* WHAT YOU HAVE TO DO *
Copy out exactly the stretch of the listing below that begins at the line containing "second sequence), so" and ends at the line containing "From Stdlib Require Import Classical", and copy nothing outside it.

* SOURCE RECORDS *
(* Let $\mathscr Q_n$ be a non-singular quadric in $\mathrm{PG}(n,q)$ of projective index $g$ with point-graph $\Gamma$, let $0\le s<g$, and let $\alpha_s$ be an $s$-dimensional subspace contained in $\mathscr Q_n$. Then every vertex of $\mathcal Y_s$ is adjacent in $\Gamma$ to $0$, $\frac12|\mathcal X_s|$ or $|\mathcal X_s|$ vertices of $\mathcal X_s$ if and only if $q=2$.
   Context: A non-singular quadric $\mathscr Q_n$ in $\mathrm{PG}(n,q)$ is the point set of a non-degenerate quadric; its projective index $g$ is the largest dimension of a projective subspace contained in $\mathscr Q_n$. The point-graph $\Gamma$ has vertex set the points of $\mathscr Q_n$, two distinct points adjacent iff the line joining them is contained in $\mathscr Q_n$. A point $X$ of $\mathscr Q_n$ has type (i) if $X\in\alpha_s$; type (ii) if $X\notin\alpha_s$ and the $(s+1)$-space $\langle\alpha_s,X\rangle$ is contained in $\mathscr Q_n$; type (iii) otherwise. $\mathcal X_s$ is the set of type (ii) points and $\mathcal Y_s$ the set of points of type (i) or (iii). *)

From HB Require Import structures.
From mathcomp Require Import all_boot all_order all_algebra.
Set Implicit Arguments. Unset Strict Implicit. Unset Printing Implicit Defensive.
Import GRing.Theory.
Local Open Scope ring_scope.

(* PG(n,q) over a finite field F (q = #|F|) is modelled on the vector space
   F^(n+1) of row vectors 'rV[F]_(n.+1).  Projective subspaces are row spaces
   of matrices 'M[F]_(n.+1) (mxalgebra); a projective subspace of projective
   dimension d is a row space of rank d+1.  Projective points are represented
   canonically by the rank-1 matrices U with <<U>> = U. *)

Section Quadric.
Variables (F : finFieldType) (n : nat).

(* The quadratic form Q(x) = x A x^T (every quadratic form in n+1 variables
   is of this shape for some, e.g. upper triangular, matrix A). *)
Definition qform (A : 'M[F]_(n.+1)) (x : 'rV[F]_(n.+1)) : F :=
  (x *m A *m x^T) 0 0.

Definition polar (A : 'M[F]_(n.+1)) (x y : 'rV[F]_(n.+1)) : F :=
  qform A (x + y) - qform A x - qform A y.

Definition nonsingular (A : 'M[F]_(n.+1)) : Prop :=
  forall x : 'rV[F]_(n.+1),
    qform A x = 0 -> (forall y, polar A x y = 0) -> x = 0.

Definition on_quadric (A : 'M[F]_(n.+1)) (U : 'M[F]_(n.+1)) : bool :=
  [forall v : 'rV[F]_(n.+1), (v <= U)%MS ==> (qform A v == 0)].

Definition proj_points : {set 'M[F]_(n.+1)} :=
  [set U : 'M[F]_(n.+1) | (\rank U == 1)%N && (<<U>>%MS == U)].

Definition quadric_points (A : 'M[F]_(n.+1)) : {set 'M[F]_(n.+1)} :=
  [set X in proj_points | on_quadric A X ].

Definition adjacent (A : 'M[F]_(n.+1)) (X Y : 'M[F]_(n.+1)) : bool :=
  (X != Y) && on_quadric A (X + Y)%MS.

Definition proj_index (A : 'M[F]_(n.+1)) (g : nat) : Prop :=
  (exists U : 'M[F]_(n.+1), \rank U = g.+1 /\ on_quadric A U) /\
  (forall U : 'M[F]_(n.+1), on_quadric A U -> (\rank U <= g.+1)%N).

Definition Xs (A alpha : 'M[F]_(n.+1)) : {set 'M[F]_(n.+1)} :=
  [set X in quadric_points A |
     ~~ (X <= alpha)%MS && on_quadric A (alpha + X)%MS ].

Definition Ys (A alpha : 'M[F]_(n.+1)) : {set 'M[F]_(n.+1)} :=
  quadric_points A :\: Xs A alpha.

Definition nbrs_in_Xs (A alpha Y : 'M[F]_(n.+1)) : nat :=
  #|[set X in Xs A alpha | adjacent A Y X ]|.

End Quadric.

From HB Require Import structures.
From mathcomp Require Import all_boot all_order all_algebra.
From mathcomp Require Import ring zify.
Set Implicit Arguments. Unset Strict Implicit. Unset Printing Implicit Defensive.
Import GRing.Theory.
Local Open Scope ring_scope.

(* A point <x> of the quadric lies in X_s exactly when x is singular, lies
   outside alpha_s and is orthogonal to alpha_s for the polar form B.  A point
   Y of type (i) is collinear with all of X_s.  A point Y = <y> of type (iii)
   satisfies B(y, a) <> 0 for some a in alpha_s; correcting x by a multiple of
   a makes it orthogonal to y, so every point of X_s is <z + t a> for a unique
   neighbour <z> of Y in X_s and a unique t in F: |X_s| = q * #neighbours.
   This gives the values for q = 2.  Conversely, non-singularity provides a
   point of type (iii), and for a generator U the totally singular subspace
   alpha_s + (U meet alpha_s^perp) has dimension at least dim U > dim alpha_s,
   so X_s is nonempty and |X_s| = q c > 0 forces q = 2. *)

Section PolarForm.
Variables (F : finFieldType) (n : nat) (A : 'M[F]_(n.+1)).
Local Notation V := 'rV[F]_(n.+1).
Local Notation Q := (qform A).
Local Notation B := (polar A).

Definition polarmx : 'M[F]_(n.+1) := A + A^T.

Lemma tr_polarmx : polarmx^T = polarmx.
Proof. by rewrite /polarmx linearD /= trmxK addrC. Qed.

Lemma polarE x y : B x y = (x *m polarmx *m y^T) 0 0.
Proof.
have swap : (y *m A *m x^T) 0 0 = (x *m A^T *m y^T) 0 0.
  have trE : (y *m A *m x^T)^T = x *m A^T *m y^T by rewrite !trmx_mul trmxK mulmxA.
  by rewrite -trE [RHS]mxE.
rewrite /polar /qform /polarmx linearD /= !(mulmxDl, mulmxDr).
set xx := x *m A *m x^T; set xy := x *m A *m y^T; set yy := y *m A *m y^T.
set yx := y *m A *m x^T in swap *; set xty := x *m A^T *m y^T in swap *.
(* Opaque products, so that mxE only expands the sums. *)
clearbody xx xy yy yx xty; by rewrite !mxE swap; ring.
Qed.

Lemma qformD x y : Q (x + y) = Q x + Q y + B x y.
Proof. rewrite /polar; ring. Qed.

Lemma qformZ k x : Q (k *: x) = k ^+ 2 * Q x.
Proof. by rewrite /qform -!scalemxAl linearZ /= -scalemxAr !mxE mulrA. Qed.
Definition compact {X : Type} (op : (X -> Prop) -> Prop) : Prop :=
  forall (I : Type) (F : I -> X -> Prop),
    (forall i, op (F i)) -> (forall x, exists i, F i x) ->
    exists l : list I, forall x, exists i, In i l /\ F i x.

Definition is_group {G : Type} (mul : G -> G -> G) (inv : G -> G) (e : G) : Prop :=
  (forall x y z, mul x (mul y z) = mul (mul x y) z) /\
  (forall x, mul e x = x) /\ (forall x, mul x e = x) /\
  (forall x, mul (inv x) x = e) /\ (forall x, mul x (inv x) = e).

Definition is_topological_group {G : Type} (mul : G -> G -> G) (inv : G -> G) (e : G)
  (op : (G -> Prop) -> Prop) : Prop :=
  is_group mul inv e /\ is_topology op /\
  jointly_continuous op op op mul /\ continuous op op inv.

Definition is_metric {X : Type} (d : X -> X -> R) : Prop :=
  (forall x y, 0 <= d x y) /\ (forall x y, d x y = 0 <-> x = y) /\
  (forall x y, d x y = d y x) /\ (forall x y z, d x z <= d x y + d y z).

Definition metric_open {X : Type} (d : X -> X -> R) (U : X -> Prop) : Prop :=
  forall x, U x -> exists eps, 0 < eps /\ forall y, d x y < eps -> U y.

Definition metric_complete {X : Type} (d : X -> X -> R) : Prop :=
  forall u : nat -> X,
    (forall eps, 0 < eps -> exists N, forall m n, (N <= m)%nat -> (N <= n)%nat ->
        d (u m) (u n) < eps) ->
    exists l, forall eps, 0 < eps -> exists N, forall n, (N <= n)%nat -> d (u n) l < eps.

Definition separable {X : Type} (op : (X -> Prop) -> Prop) : Prop :=
  exists s : nat -> X, forall U, op U -> (exists x, U x) -> exists n, U (s n).

Definition polish {X : Type} (op : (X -> Prop) -> Prop) : Prop :=
  separable op /\
  exists d : X -> X -> R, is_metric d /\ metric_complete d /\
    (forall U, op U <-> metric_open d U).

Definition open_subgroup {G : Type} (mul : G -> G -> G) (inv : G -> G) (e : G)
  (op : (G -> Prop) -> Prop) (H : G -> Prop) : Prop :=
  op H /\ H e /\ (forall x y, H x -> H y -> H (mul x y)) /\ (forall x, H x -> H (inv x)).

Definition non_archimedean {G : Type} (mul : G -> G -> G) (inv : G -> G) (e : G)
  (op : (G -> Prop) -> Prop) : Prop :=
  hausdorff op /\
  forall U, op U -> U e -> exists H, open_subgroup mul inv e op H /\ (forall x, H x -> U x).

Definition continuous_action {G X : Type} (mul : G -> G -> G) (e : G)
  (opG : (G -> Prop) -> Prop) (opX : (X -> Prop) -> Prop) (a : G -> X -> X) : Prop :=
  (forall x, a e x = x) /\ (forall g h x, a (mul g h) x = a g (a h x)) /\
  jointly_continuous opG opX opX a.

Definition has_fixed_point {G X : Type} (a : G -> X -> X) : Prop :=
  exists x, forall g, a g x = x.

Definition extremely_amenable {G : Type} (mul : G -> G -> G) (e : G)
  (opG : (G -> Prop) -> Prop) : Prop :=
  forall (X : Type) (opX : (X -> Prop) -> Prop),
    is_topology opX -> compact opX -> hausdorff opX -> (exists x : X, True) ->
    forall a : G -> X -> X, continuous_action mul e opG opX a -> has_fixed_point a.

(* Cantor space {0,1}^N with the product topology of discrete {0,1}. *)
Definition cantor := nat -> bool.

Definition cantor_open (U : cantor -> Prop) : Prop :=
  forall x, U x -> exists n, forall y, (forall k, (k < n)%nat -> y k = x k) -> U y.

(* The forward implication only uses that 2^N is a nonempty compact Hausdorff
   space.  For the converse, let G act continuously and without fixed point on
   a nonempty compact Hausdorff space X; we build a fixed-point-free action on
   2^N in three steps.
   1. Finite separating cover: each x is moved by some g_x, so by continuity and
      non-archimedeanity there are an open O_x containing x, an open subgroup H_x
      and an open U_x with H_x O_x inside U_x and U_x disjoint from g_x^-1 U_x.
      Finitely many O_1, ..., O_n cover X, and V = H_1 /\ ... /\ H_n is an open
      subgroup.
   2. Symbolic flow: as G is separable, the right cosets of V are enumerated by
      a dense sequence, and G acts by right shifts on colourings of (V\G) x n.
      The colourings psi such that every coset Vh has a j with
      psi(Vh, j) <> psi(V g_j h, j) form a closed invariant set without fixed
      point, nonempty because psi(Vh, j) = [h x0 in O_j] is one of them.
   3. Coding: for a nonempty closed Y in 2^N, the space 2^N is homeomorphic to
      Y x 2^N (interleave the free choices of a branch of Y with the bits of a
      second sequence), so a fixed-point-free action on Y yields one on 2^N. *)

From Pilot Require Import Defs.
From Stdlib Require Import Reals List.
From Stdlib Require Import Classical ClassicalEpsilon FunctionalExtensionality PropExtensionality Lia Arith.
Local Open Scope nat_scope.

Definition truth (P : Prop) : bool := if excluded_middle_informative P then true else false.

Lemma truth_true (P : Prop) : truth P = true <-> P.
Proof. unfold truth; destruct (excluded_middle_informative P); split; intros; try tauto; discriminate. Qed.

Lemma truth_false (P : Prop) : truth P = false <-> ~ P.
Proof. unfold truth; destruct (excluded_middle_informative P); split; intros; try tauto; discriminate. Qed.

Lemma truth_iff (P Q : Prop) : (P <-> Q) -> truth P = truth Q.
Proof. intros H. assert (P = Q) by (apply propositional_extensionality; auto). subst; auto. Qed.

(* The least witness of a satisfiable predicate on nat (and 0 otherwise). *)
Lemma exists_least (P : nat -> Prop) :
  (exists m, P m) -> exists m, P m /\ forall k, k < m -> ~ P k.
Proof.
  intros [m Hm]. revert Hm. induction m as [m IH] using lt_wf_ind. intros Hm.
  destruct (classic (exists k, k < m /\ P k)) as [[k [Hk Pk]]|Hnone].
  - exact (IH k Hk Pk).
  - exists m. split; auto. intros k Hk Pk. apply Hnone; eauto.
Qed.

Definition least (P : nat -> Prop) : nat :=
  match excluded_middle_informative (exists m, P m) with
  | left H => proj1_sig (constructive_indefinite_description _ (exists_least P H))
  | right _ => 0
  end.

Lemma least_spec (P : nat -> Prop) :
  (exists m, P m) -> P (least P) /\ forall k, k < least P -> ~ P k.
Proof.
  intros H. unfold least. destruct (excluded_middle_informative _); [|tauto].
  destruct (constructive_indefinite_description _ _). simpl. auto.
Qed.

Lemma least_ext (P Q : nat -> Prop) : (forall k, P k <-> Q k) -> least P = least Q.
Proof.
  intros E. replace Q with P; auto.
  apply functional_extensionality; intros; apply propositional_extensionality; auto.
Qed.

(* Pairs (q, r) with r < n are coded by the natural number q * n + r. *)
Lemma pair_code_div n q r : r < n -> (q * n + r) / n = q.
Proof. intros. rewrite Nat.div_add_l by lia. rewrite Nat.div_small by lia. lia. Qed.

Lemma pair_code_mod n q r : r < n -> (q * n + r) mod n = r.
Proof.
  intros H. pose proof (Nat.div_mod_eq (q * n + r) n) as E.
  rewrite pair_code_div in E by auto. lia.
Qed.

Lemma le_list_max l x : In x l -> x <= list_max l.
Proof.
  intros H. pose proof (proj1 (list_max_le l (list_max l)) (Nat.le_refl _)) as F.
  rewrite Forall_forall in F. auto.
Qed.

Definition agree (N : nat) (f g : cantor) : Prop := forall k, k < N -> f k = g k.

Lemma agree_weaken N M f g : M <= N -> agree N f g -> agree M f g.
Proof. intros H A k Hk. apply A. lia. Qed.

* COMPLETED EXERCISE *
      second sequence), so a fixed-point-free action on Y yields one on 2^N. *)

From Pilot Require Import Defs.
From Stdlib Require Import Reals List.
From Stdlib Require Import Classical ClassicalEpsilon FunctionalExtensionality PropExtensionality Lia Arith.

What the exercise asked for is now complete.